Market conditions have dealmakers digging deeper for elusive M&A gold

Interest rates are, unsurprisingly, top of mind for the dealmakers we spoke with for this year’s state of M&A article. COVID still reverberates through the deal market, contributing to diligence challenges and extending timelines. Dealmakers are also carrying forward concern over inflation, as well as geopolitical uncertainty, with the latter weighing on those doing deals across the ponds (though, as one dealmaker notes, circumstances in the EU may have created opportunities for buyers) and those at home facing an election year.

Still, deals are getting done. The money is out there — even if it’s often more expensive than many would prefer — and high-quality companies, or those with management teams that have shown deftness in the face of market adversity, are the main benefactors as buyers increasingly put businesses under higher powers of magnification.

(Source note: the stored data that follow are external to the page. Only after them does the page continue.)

(* Let $\lambda$ be a regular cardinal, let $\mathfrak{A},\mathfrak{B}$ be $\lambda$-algebroidal categories all of whose morphisms are monomorphisms, and $\mathfrak{C}$ a category. Let $F:\mathfrak{A}\to\mathfrak{C}$, $G:\mathfrak{B}\to\mathfrak{C}$ be functors such that: $F$ is faithful; $F$ is $\lambda$-cocontinuous and $\mu_{<\lambda}$-cocontinuous for all $\mu<\lambda$; $F$ preserves $\lambda$-smallness with respect to $G$; $G$ is $\lambda_{<\lambda}$-cocontinuous; $G$ preserves monomorphisms; for all $A\in\mathfrak{A}_{<\lambda}$, $B\in\mathfrak{B}_{<\lambda}$ there are at most $\lambda$ morphisms $FA\to GB$ in $\mathfrak{C}$; and $(F\downarrow G)_{<\lambda}$ has the joint embedding property and the amalgamation property. Let $(U,u,T)$ be an $(F\downarrow G)$-universal, $(F\downarrow G)_{<\lambda}$-homogeneous object of $(F\downarrow G)$. Then $U$ is $\mathfrak{A}_{<\lambda}$-saturated if and only if $F\restriction_{\mathfrak{A}_{<\lambda}}$ and $G\restriction_{\mathfrak{B}_{<\lambda}}$ have the mixed amalgamation property.
   Context: Comma category $(F\downarrow G)$: objects $(A,f,B)$ with $f:FA\to GB$; morphisms $(a,b):(A,f,B)\to(A',f',B')$ with $f'\circ Fa=Gb\circ f$. An ordinal $\lambda$ is viewed as a category ($i\to j$ iff $i\le j$); a $\lambda$-chain is a functor from $\lambda$. An object $A$ is $\lambda$-small if whenever $(S,(f_i)_{i<\lambda})$ is a limiting cocone of a $\lambda$-chain $H$ and $h:A\to S$, there are $j<\lambda$, $g:A\to Hj$ with $h=f_j\circ g$; $\mathfrak{C}_{<\lambda}$ denotes the full subcategory of $\lambda$-small objects. Semi-$\lambda$-algebroidal: for every $\mu\le\lambda$ all $\mu$-chains in $\mathfrak{C}_{<\lambda}$ have colimits and every object is a colimit of a $\lambda$-chain in $\mathfrak{C}_{<\lambda}$; $\lambda$-algebroidal: additionally at most $\lambda$ isomorphism types in $\mathfrak{C}_{<\lambda}$ and at most $\lambda$ morphisms between any two $\lambda$-small objects. $F$ is $\lambda$-cocontinuous if it preserves limiting cocones of $\lambda$-chains, and $\mu_{<\lambda}$-cocontinuous if it preserves limiting cocones of $\mu$-chains of $\lambda$-small objects. $F$ preserves $\lambda$-smallness w.r.t. $G$ if for every $\lambda$-chain $H$ in $\mathfrak{B}$ with limiting cocone $(B,(g_i))$, every $A\in\mathfrak{A}_{<\lambda}$ and $f:FA\to GB$ there are $j<\lambda$, $h:FA\to GHj$ with $Gg_j\circ h=f$. For a full subcategory $\mathfrak{C}^*$: $U$ is $\mathfrak{C}^*$-universal if every object of $\mathfrak{C}^*$ maps to $U$; $\mathfrak{C}^*$-homogeneous if for $A\in\mathfrak{C}^*$, $f,g:A\to U$ there is an automorphism $h$ of $U$ with $h\circ f=g$; $\mathfrak{C}^*$-saturated if for all $A,B\in\mathfrak{C}^*$, $f:A\to U$, $g:A\to B$ there is $h:B\to U$ with $h\circ g=f$. Joint embedding and amalgamation properties of a category are the usual ones (common target for two objects; commuting completion of a span). $F$ and $G$ have the mixed amalgamation property if for all $A,B\in\mathfrak{A}$, $T_1\in\mathfrak{B}$, $g:A\to B$, $a:FA\to GT_1$ there exist $T_2\in\mathfrak{B}$, $h:T_1\to T_2$, $b:FB\to GT_2$ with $b\circ Fg=Gh\circ a$. *)

From Stdlib Require Import ProofIrrelevance.

Set Implicit Arguments.
Unset Strict Implicit.

Record Category := Build_Category {
  Ob :> Type;
  Hom : Ob -> Ob -> Type;
  idm : forall A, Hom A A;
  comp : forall A B C, Hom B C -> Hom A B -> Hom A C;
  comp_idl : forall A B (f : Hom A B), comp (idm B) f = f;
  comp_idr : forall A B (f : Hom A B), comp f (idm A) = f;
  comp_assoc : forall A B C D (h : Hom C D) (g : Hom B C) (f : Hom A B),
      comp h (comp g f) = comp (comp h g) f }.
Arguments Hom {c} _ _.
Arguments idm {c} _.
Arguments comp {c A B C} _ _.

Record Functor (C D : Category) := Build_Functor {
  fobj :> Ob C -> Ob D;
  fmap : forall A B, Hom A B -> Hom (fobj A) (fobj B);
  fmap_id : forall A, fmap (idm A) = idm (fobj A);
  fmap_comp : forall A B E (g : Hom B E) (f : Hom A B),
      fmap (comp g f) = comp (fmap g) (fmap f) }.
Arguments fmap {C D} f {A B} _ : rename.

Definition injective (X Y : Type) (f : X -> Y) : Prop :=
  forall x y, f x = f y -> x = y.

Definition mono {C : Category} {A B : Ob C} (f : Hom A B) : Prop :=
  forall (X : Ob C) (g h : Hom X A), comp f g = comp f h -> g = h.

Definition isomorphic {C : Category} (A B : Ob C) : Prop :=
  exists (f : Hom A B) (g : Hom B A), comp g f = idm A /\ comp f g = idm B.

Definition is_automorphism {C : Category} {A : Ob C} (f : Hom A A) : Prop :=
  exists g : Hom A A, comp g f = idm A /\ comp f g = idm A.

Definition faithful {C D : Category} (F : Functor C D) : Prop :=
  forall (A B : Ob C) (f g : Hom A B), fmap F f = fmap F g -> f = g.

Definition preserves_monos {C D : Category} (F : Functor C D) : Prop :=
  forall (A B : Ob C) (f : Hom A B), mono f -> mono (fmap F f).

Definition lt_of {L : Type} (le : L -> L -> Prop) (i j : L) : Prop :=
  le i j /\ i <> j.

Definition well_order {L : Type} (le : L -> L -> Prop) : Prop :=
  (forall i, le i i) /\
  (forall i j, le i j -> le j i -> i = j) /\
  (forall i j k, le i j -> le j k -> le i k) /\
  (forall i j, le i j \/ le j i) /\
  (forall P : L -> Prop, (exists i, P i) ->
     exists i, P i /\ forall j, P j -> le i j).
(* Let $G$ be a torsion-free group and let $S=\bigoplus_{g\in G}S_g$ be an epsilon-strongly $G$-graded ring with principal component $R=S_e$. Then $S$ is left (respectively right) artinian if and only if $R$ is left (respectively right) artinian and $S_g=\{0\}$ for all but finitely many $g\in G$.
   Context: All rings are associative with multiplicative identity $1\neq 0$. A ring $S$ is $G$-graded if $S=\bigoplus_{g\in G}S_g$ for additive subgroups $S_g$ with $S_gS_h\subseteq S_{gh}$ for all $g,h\in G$; $S_e$ ($e$ the neutral element) is the principal component. $S$ is epsilon-strongly $G$-graded if (a) $S_gS_{g^{-1}}S_g=S_g$ for all $g\in G$, and (b) for each $g\in G$ the ideal $S_gS_{g^{-1}}$ of $S_e$ has a multiplicative identity. *)

From HB Require Import structures.
From mathcomp Require Import all_boot all_order all_algebra.
Set Implicit Arguments. Unset Strict Implicit. Unset Printing Implicit Defensive.
Import GRing.Theory.

Section Defs.
Variable G : groupType.
Variable S : nzRingType.
Local Open Scope ring_scope.

Definition torsion_free : Prop :=
  forall (g : G) (n : nat), (0 < n)%N -> (g ^+ n)%g = 1%g -> g = 1%g.

Definition add_subgroup (A : S -> Prop) : Prop :=
  A 0 /\ forall x y, A x -> A y -> A (x - y).

(* A B : the additive subgroup generated by products a b, i.e. finite sums *)
Definition prod2 (A B : S -> Prop) : S -> Prop := fun x =>
  exists l : seq (S * S),
    (forall p, p \in l -> A p.1 /\ B p.2) /\
    x = \sum_(p <- l) p.1 * p.2.

Definition prod3 (A B C : S -> Prop) : S -> Prop := fun x =>
  exists l : seq (S * S * S),
    (forall p, p \in l -> [/\ A p.1.1, B p.1.2 & C p.2]) /\
    x = \sum_(p <- l) p.1.1 * p.1.2 * p.2.

Definition direct_sum (Sg : G -> S -> Prop) : Prop :=
  (forall x : S, exists (l : seq G) (f : G -> S),
      [/\ uniq l, forall g, Sg g (f g) & x = \sum_(g <- l) f g]) /\
  (forall (l : seq G) (f : G -> S), uniq l ->
      (forall g, g \in l -> Sg g (f g)) ->
      \sum_(g <- l) f g = 0 -> forall g, g \in l -> f g = 0).

Definition graded (Sg : G -> S -> Prop) : Prop :=
  [/\ forall g, add_subgroup (Sg g),
      direct_sum Sg &
      forall (g h : G) (x y : S), Sg g x -> Sg h y -> Sg (g * h)%g (x * y)].
Lemma sum_expR_count_bern_ffun n (t : R) :
  \sum_(s : {ffun 'I_n -> bool}) expR (t * (count_true s R - n%:R * mu)) * bern_ffun s =
  bern_mgf t ^+ n.
Proof.
transitivity (\sum_(s : {ffun 'I_n -> bool})
    (\prod_i expR (t * ((s i)%:R - mu))) * bern_ffun s).
  apply: eq_bigr => s _; rewrite -expR_sum -mulr_sumr sumrB sumr_const card_ord.
  by rewrite mulr_natl.
rewrite (sum_prod_bern_ffun (fun _ b => expR (t * (b%:R - mu)))) prodr_const card_ord.
rewrite /bern_mgf /= ?subr0 ?sub0r ?mulrN.
by congr (_ ^+ _); ring.
Qed.

End BernoulliProduct.

Section Chernoff.
Variable R : realType.

Lemma expR_le_quadratic (u : R) : u <= 1/2 -> expR u <= 1 + u + 2 * u ^+ 2.
Proof.
move=> hu; have h1 : 1 - u <= expR (- u) by exact: expR_ge1Dx.
rewrite -[expR u]invrK -expRN -(@ler_pM2l _ (expR (- u))) ?expR_gt0 //.
rewrite mulfV ?gt_eqF ?expR_gt0 //.
by apply: le_trans (ler_wpM2r _ h1); nra.
Qed.

Lemma bern_mgf_le (mu t : R) : 0 <= mu <= 1 -> `|t| <= 1/2 ->
  bern_mgf mu t <= 1 + 2 * t ^+ 2.
Proof.
move=> /andP[mu0 mu1]; rewrite ler_norml => /andP[tl tr].
have e1 := @expR_le_quadratic (t * (1 - mu)) (ltac:(nra)).
have e2 := @expR_le_quadratic (- (t * mu)) (ltac:(nra)).
apply: le_trans (lerD (ler_wpM2l mu0 e1) (ler_wpM2l (_ : 0 <= 1 - mu) e2)) _.
  by rewrite subr_ge0.
have := sqr_ge0 t; nra.
Qed.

Checking in with PitchBook’s annual Global M&A report, this one from 2023, it estimates that more than 40,200 M&A deals were announced or completed in 2023, which would rank as the third-highest total on record. However, PitchBook found that the total value of deals closed or announced in 2023 came in at $3 trillion, a 15.8 percent decrease from 2022. For context, the author notes that the previous year’s decline was much steeper: 23.4 percent.

Fortunately, when it comes to the view from the sellers’ seat, Boyd Pethel, First National Bank executive vice president — metro markets, says middle-market corporations are getting deals done.

“Whether due to ecommerce investments, scaled space needs or better supply chain management necessitated by the pandemic, many businesses have come out of the past few years with greater efficiencies in place,” Pethel says.

Boyd Pethel

“These enhanced efficiencies have led to better cash flow, resulting in a higher value. However, equity is still king, and even a company that wants to be sold and has an appropriate value may struggle to find a buyer who is in a financial position to close a transaction.”

Several area dealmakers offered their take on the current market, how buyers and sellers are faring, and their advice for those transacting this year. Here’s what they have to say.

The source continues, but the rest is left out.